● **WORK REQUIRED**
Count the lines in the records below that contain the word "point", and give only that number.

● **THE RECORDS**
■ ■ ■ ■ ■

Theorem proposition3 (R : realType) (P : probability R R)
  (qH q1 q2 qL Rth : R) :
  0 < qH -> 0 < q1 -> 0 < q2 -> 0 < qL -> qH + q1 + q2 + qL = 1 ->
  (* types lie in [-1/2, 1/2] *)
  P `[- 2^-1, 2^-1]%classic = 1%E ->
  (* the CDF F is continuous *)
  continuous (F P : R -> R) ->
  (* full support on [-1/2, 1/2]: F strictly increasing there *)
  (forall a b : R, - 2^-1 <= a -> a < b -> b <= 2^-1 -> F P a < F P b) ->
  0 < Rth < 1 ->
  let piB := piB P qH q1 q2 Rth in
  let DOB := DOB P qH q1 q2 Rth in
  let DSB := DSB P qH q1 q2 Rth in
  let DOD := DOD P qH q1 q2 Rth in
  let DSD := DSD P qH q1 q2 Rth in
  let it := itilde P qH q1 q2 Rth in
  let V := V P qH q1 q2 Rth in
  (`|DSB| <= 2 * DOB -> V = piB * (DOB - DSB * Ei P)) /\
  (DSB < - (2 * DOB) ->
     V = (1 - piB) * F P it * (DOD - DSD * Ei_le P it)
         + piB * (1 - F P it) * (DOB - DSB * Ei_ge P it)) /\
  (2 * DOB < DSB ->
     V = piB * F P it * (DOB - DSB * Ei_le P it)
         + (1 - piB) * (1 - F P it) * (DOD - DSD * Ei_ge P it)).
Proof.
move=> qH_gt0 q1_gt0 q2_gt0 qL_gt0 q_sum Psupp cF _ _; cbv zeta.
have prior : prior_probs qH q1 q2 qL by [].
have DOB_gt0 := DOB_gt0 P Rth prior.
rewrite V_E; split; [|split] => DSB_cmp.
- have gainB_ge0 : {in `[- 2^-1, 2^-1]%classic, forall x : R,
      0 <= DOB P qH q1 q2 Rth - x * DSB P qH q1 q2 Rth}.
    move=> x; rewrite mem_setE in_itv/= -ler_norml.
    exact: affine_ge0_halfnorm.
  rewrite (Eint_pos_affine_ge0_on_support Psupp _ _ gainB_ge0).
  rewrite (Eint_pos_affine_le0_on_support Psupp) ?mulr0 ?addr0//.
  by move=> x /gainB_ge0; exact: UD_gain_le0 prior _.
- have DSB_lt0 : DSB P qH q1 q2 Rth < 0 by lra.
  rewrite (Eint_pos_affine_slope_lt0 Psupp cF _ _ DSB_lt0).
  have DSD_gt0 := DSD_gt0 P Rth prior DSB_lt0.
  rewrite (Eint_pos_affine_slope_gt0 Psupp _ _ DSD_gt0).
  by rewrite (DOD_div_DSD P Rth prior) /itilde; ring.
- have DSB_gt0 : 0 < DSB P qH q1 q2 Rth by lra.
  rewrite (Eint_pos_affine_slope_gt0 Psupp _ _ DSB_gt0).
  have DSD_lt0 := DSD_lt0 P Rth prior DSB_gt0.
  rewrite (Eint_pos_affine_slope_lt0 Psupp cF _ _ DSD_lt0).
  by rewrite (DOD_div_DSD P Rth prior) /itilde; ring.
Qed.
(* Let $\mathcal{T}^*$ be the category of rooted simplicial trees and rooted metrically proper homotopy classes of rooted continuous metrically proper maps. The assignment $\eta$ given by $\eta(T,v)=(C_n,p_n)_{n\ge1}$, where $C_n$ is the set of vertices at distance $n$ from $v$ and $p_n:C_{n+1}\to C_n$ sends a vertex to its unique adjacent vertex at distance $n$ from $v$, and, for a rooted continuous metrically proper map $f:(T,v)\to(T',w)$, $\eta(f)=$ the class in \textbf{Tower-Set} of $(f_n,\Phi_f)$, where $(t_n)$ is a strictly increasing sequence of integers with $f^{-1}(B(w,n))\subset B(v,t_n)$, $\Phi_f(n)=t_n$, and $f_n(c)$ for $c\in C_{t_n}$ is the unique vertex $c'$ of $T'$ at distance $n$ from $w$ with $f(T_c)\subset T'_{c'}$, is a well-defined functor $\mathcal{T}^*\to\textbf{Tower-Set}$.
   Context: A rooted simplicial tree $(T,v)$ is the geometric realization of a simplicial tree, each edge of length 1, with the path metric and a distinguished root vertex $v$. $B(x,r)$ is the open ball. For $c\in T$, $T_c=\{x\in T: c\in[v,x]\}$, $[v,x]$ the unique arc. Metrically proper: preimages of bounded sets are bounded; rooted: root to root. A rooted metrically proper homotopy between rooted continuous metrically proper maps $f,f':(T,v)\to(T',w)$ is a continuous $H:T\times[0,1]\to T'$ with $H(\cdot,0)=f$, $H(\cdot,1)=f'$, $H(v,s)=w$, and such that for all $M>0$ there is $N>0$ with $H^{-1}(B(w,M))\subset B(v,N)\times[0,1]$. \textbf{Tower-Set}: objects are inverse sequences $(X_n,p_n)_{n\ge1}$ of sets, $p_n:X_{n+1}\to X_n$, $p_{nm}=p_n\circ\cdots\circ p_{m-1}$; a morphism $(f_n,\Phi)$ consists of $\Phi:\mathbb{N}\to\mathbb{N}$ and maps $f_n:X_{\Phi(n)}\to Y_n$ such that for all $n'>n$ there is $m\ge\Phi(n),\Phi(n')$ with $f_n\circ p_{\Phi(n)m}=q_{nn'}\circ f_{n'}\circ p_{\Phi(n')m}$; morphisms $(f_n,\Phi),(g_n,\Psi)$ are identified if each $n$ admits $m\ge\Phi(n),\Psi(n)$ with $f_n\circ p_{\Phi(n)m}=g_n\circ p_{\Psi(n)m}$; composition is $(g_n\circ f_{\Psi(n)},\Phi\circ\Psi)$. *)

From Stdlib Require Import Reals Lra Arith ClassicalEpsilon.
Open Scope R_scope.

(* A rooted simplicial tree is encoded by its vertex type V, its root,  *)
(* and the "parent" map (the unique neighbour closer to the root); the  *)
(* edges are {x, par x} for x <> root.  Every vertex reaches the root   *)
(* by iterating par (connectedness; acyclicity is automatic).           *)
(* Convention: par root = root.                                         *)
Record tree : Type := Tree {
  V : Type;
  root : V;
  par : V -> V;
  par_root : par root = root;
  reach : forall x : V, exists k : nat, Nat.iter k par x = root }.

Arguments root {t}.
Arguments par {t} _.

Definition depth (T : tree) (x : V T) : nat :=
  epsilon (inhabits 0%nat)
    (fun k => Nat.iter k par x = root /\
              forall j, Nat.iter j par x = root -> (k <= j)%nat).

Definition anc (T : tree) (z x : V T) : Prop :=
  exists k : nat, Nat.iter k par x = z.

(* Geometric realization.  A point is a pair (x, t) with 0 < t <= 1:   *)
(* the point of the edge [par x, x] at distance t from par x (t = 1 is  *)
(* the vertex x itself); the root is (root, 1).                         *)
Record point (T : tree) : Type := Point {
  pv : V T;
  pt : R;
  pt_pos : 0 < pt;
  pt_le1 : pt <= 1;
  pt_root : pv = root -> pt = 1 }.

■ ■ ■ ■ ■

● **ANSWER TO THIS PROBLEM**
3